Hugging Face Leaderboard's first model to surpass 80 points on average appears… “Rapid development of open source”

Artificial Intelligence

Hugging Face Leaderboard's first model to surpass 80 points on average appears… “Rapid development of open source”

admin

February 12, 2024

Hugging Face Leaderboard's first model to surpass 80 points on average appears… “Rapid development of open source”

‘Smaug’, the dragon who protects the treasure (Photo = Abacus AI)

For the primary time, a model with a mean rating of over 80 has appeared on the Hugging Face open source large language model (LLM) leaderboard. As well as, the open source camp has been gaining momentum for the reason that starting of the yr, with Alibaba releasing the most recent version of 'Q1'.

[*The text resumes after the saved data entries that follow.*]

(* Let $\alpha\subset\mathbb{Z}^2$ be a finite set of dimension $2$ with some of its sides marked. Then $\alpha$ is a marked B-polygon if and only if, after an affine unimodular transformation of $\mathbb{Z}^2$ (carrying marked sides to marked sides), one of the following holds: (1) ($B_1$-marked polygon) there is a marked side $G$ of $\alpha$ such that exactly one point of $\alpha$ lies outside the line $\operatorname{aff}(G)$, and it has lattice distance $1$ from that line; (2) ($B_2$-marked polygon) $\alpha\subset\{x_1\in\{0,1\}\}$, and both $\alpha\cap\{x_1=0\}$ and $\alpha\cap\{x_1=1\}$ are marked sides of $\alpha$; (3) (flat border marked polygon) $\alpha=\{(0,0),(a,0),(0,1),(1,1)\}$ for some integer $a>1$, and the three sides $[(0,0),(a,0)]$, $[(a,0),(1,1)]$, $[(0,1),(0,0)]$ are marked.
   Context: A side of a finite set $\alpha\subset\mathbb{Z}^2$ of dimension $2$ is a set $\alpha\cap G$ for an edge $G$ of the convex hull of $\alpha$. $\alpha$ with a chosen set of marked sides is a marked B-polygon if for every triangle $S$ (three affinely independent points) with vertices in $\alpha$ there is a marked side $G$ of $\alpha$ such that two vertices of $S$ lie in $G$ and the third vertex has lattice distance $1$ from the line $\operatorname{aff}(G)$ (lattice distance: absolute value of the primitive integral affine function vanishing on that line). *)

From HB Require Import structures.
From mathcomp Require Import all_boot all_order all_algebra.
From mathcomp Require Import finmap.
Set Implicit Arguments. Unset Strict Implicit. Unset Printing Implicit Defensive.
Import Order.TTheory GRing.Theory Num.Theory.
Local Open Scope ring_scope.
Local Open Scope fset_scope.

Definition pt := (int * int)%type.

VentureBeat is a recent American artificial intelligence (AI) startup. Abacus AI's model 'Smaug-72B'It was reported that took first place on the Hugging Face leaderboard.

In keeping with this, Smaug-72B has ▲language comprehension (MMLU) 77.15 points ▲common sense ability (HellaSwag) 89.27 points ▲reasoning ability (ARC) 76.02 ▲common sense reasoning (WinoGrade) 85.05 points ▲mathematical reasoning (GSM8K) 78.7 points ▲hallucination prevention ability ( TruthfulQA) recorded a mean rating of 80.48 with 76.67 points. That is the primary time that the common rating has exceeded 80 on the open source leader board.

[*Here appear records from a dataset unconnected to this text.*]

(* Fix $a\in(0,1/2]$ and $\beta\in(\frac12,1)$. For each $n$ let $k=2\lfloor \beta n/2\rfloor$ and let $\mathbf{x}^*\in\mathbb{R}^n$ be the vector whose only possibly nonzero entries are the $k$-th and $(k+1)$-th, \[ x_k^*=\frac{1+2\left(\frac kn+\frac1n\right)^{2}-2\left(\frac kn+\frac1n\right)-\frac1n}{\binom nk\,2\frac kn\left(2\frac kn-1+\frac1n\left(2\frac kn+\frac2n-1\right)\right)},\qquad x_{k+1}^*=\frac{1-\frac kn}{\binom n{k+1}\left(2\frac kn-1+\frac1n\left(2\frac kn+\frac2n-1\right)\right)}. \] Then for all sufficiently large $n$, $\mathbf{x}^*$ is a feasible point of the linear program defining $\overline{\Lambda}(n;a)$, and the value of its objective at $\mathbf{x}^*$ converges, as $n\to\infty$, to \[ -\left[1+(1-2\beta)\left(\tfrac1a-1\right)\right]\frac{1}{2\beta(2\beta-1)}. \] Consequently $\liminf_{n\to\infty}\overline{\Lambda}(n;a)\ge \sup_{\beta\in(1/2,1)}\left(-\left[1+(1-2\beta)(\frac1a-1)\right]\frac{1}{2\beta(2\beta-1)}\right)=\theta(a)$, where $\theta(a)=\frac{(1-\sqrt a)^2}{a}$ for $0<a<\frac14$ (the supremum being attained at $\beta=\frac{1}{2(1-\sqrt a)}$) and $\theta(a)=\frac{1}{2a}-1$ for $\frac14\le a\le\frac12$.
   Context: For integers $n\ge1$, $k\in[0:n]$ and real $x$, the Krawtchouk polynomial is $K_k(x)=K_k^{(n)}(x):=\sum_{j=0}^{k}(-1)^{j}\binom{x}{j}\binom{n-x}{k-j}$, with generalized binomial coefficients $\binom{x}{j}=\frac{x(x-1)\cdots(x-j+1)}{j!}$. Here $[m:n]=\{m,m+1,\dots,n\}$. For real $a\in(0,1/2]$, $\overline{\Lambda}(n;a)$ is the optimal value of the linear program: maximize $-\sum_{k=1}^{n}\left[K_k(0)+K_k(1)\left(\frac1a-1\right)\right]x_k$ over $(x_1,\dots,x_n)\in\mathbb{R}^n$ subject to $x_k\ge0$ for $k\in[1:n]$ and $\sum_{k=1}^{n}[K_k(1)-K_k(i)]x_k\ge -1$ for all $i\in[2:n]$. *)

From Stdlib Require Import Reals Lra Lia ZArith.
Open Scope R_scope.

Fixpoint falling (x : R) (j : nat) : R :=
  match j with
  | O => 1
  | S m => falling x m * (x - INR m)
  end.

Definition gbinom (x : R) (j : nat) : R := falling x j / INR (fact j).

Definition Kraw (n k : nat) (x : R) : R :=
  sum_f_R0 (fun j => (-1) ^ j * gbinom x j * gbinom (INR n - x) (k - j)) k.

Fixpoint sum1 (n : nat) (f : nat -> R) : R :=
  match n with
  | O => 0
  | S m => sum1 m f + f (S m)
  end.

(* A point of R^n is represented by x : nat -> R, using entries x 1, ..., x n. *)
Definition LP_feasible (n : nat) (x : nat -> R) : Prop :=
  (forall k : nat, (1 <= k <= n)%nat -> 0 <= x k) /\
  (forall i : nat, (2 <= i <= n)%nat ->
     sum1 n (fun k => (Kraw n k 1 - Kraw n k (INR i)) * x k) >= -1).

This model is a fine-tuned model of Alibaba's open source model 'Qwen-72B', which became popular at the top of last yr. Q1 scored a mean of 73.6 points within the benchmark.

The corporate is headquartered in San Francisco and led by Bindu Reddy, former general manager of AI at AWS. As well as, there are major engineers who’ve worked at Google or Uber. And the model name Smaug is taken from the dragon that protects the treasure in JRR Tolkien's novel 'The Hobbit'.

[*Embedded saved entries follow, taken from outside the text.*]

Lemma has_prev_smaller s p : [exists p', prev_smaller s p' p] = ascent s p.
Proof.
apply/existsP/existsP => [[p' /and3P[pp' sp /forallP between]] | [p' /andP[/eqP p'p sp]]].
  case: (ltngtP (val p') p.+1) pp' => // [p'p _ | p'p _]; last by exists p'; rewrite p'p eqxx.
  have p1n : p.+1 < n by apply: ltn_trans p'p (ltn_ord p').
  exists (Ordinal p1n); rewrite eqxx /=.
  by apply: ltn_trans sp (implyP (between (Ordinal p1n)) _); rewrite /= ltnSn.
exists p'; rewrite /prev_smaller p'p ltnSn sp; apply/forall_inP=> r.
by rewrite ltnS => /andP[pr]; rewrite leqNgt pr.
Qed.

Lemma forest_code_neq s t (i : T) :
  (forall q, q < i -> s q = t q) -> s i < t i -> forest_code s (t i) != forest_code t (t i).
Proof.
move=> agree sti; set p' := (s^-1)%g (t i).
have sp' : s p' = t i by rewrite permKV.
have ip' : i < p'.
  case: ltngtP => // [p'i | /val_inj p'i]; last by rewrite -sp' p'i ltnn in sti.
  by move: (agree _ p'i); rewrite sp' => /perm_inj p'_i; rewrite p'_i ltnn in p'i.
have [q' psq'] : exists q', prev_smaller s p' q'.
  by apply: (prev_smaller_exists ip'); rewrite sp'.
have iq' : i <= q'.
  rewrite leqNgt; apply/negP=> q'i; case/and3P: psq' => _ _ /forallP/(_ i).
  by rewrite q'i ip' /= sp' ltnNge (ltnW sti).
rewrite -{1}sp' !forest_code_perm; case: pickP => [q'' psq'' | /(_ q')].
  rewrite -(prev_smaller_inj psq' psq'').
  case: pickP => [q /and3P[qi _ _] | _].
    by rewrite -agree // (inj_eq perm_inj); apply: contraTneq qi => <-; rewrite -leqNgt.
  rewrite -sp' (inj_eq perm_inj); case/and3P: psq' => q'p' _ _.
  by apply: contraTneq q'p' => ->; rewrite ltnn.
by rewrite psq'.
Qed.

Abacus AI revealed the benchmark and announced that Smaug outperforms not only Q1, but in addition OpenAI's 'GPT-3.5', Google's 'Geminii Pro', and Mistral AI's 'Mistral Medium'. By field, it only lagged behind Mistral-Medium in common sense reasoning, but recorded the very best rating in all other areas.

It also surpasses the common rating of 74.2 recorded by Upstage's 'Solar', which was released last December and ranked first on the leaderboard. Nevertheless, it have to be taken into consideration that Solar's parameters are lower than one-sixth of Smaug's.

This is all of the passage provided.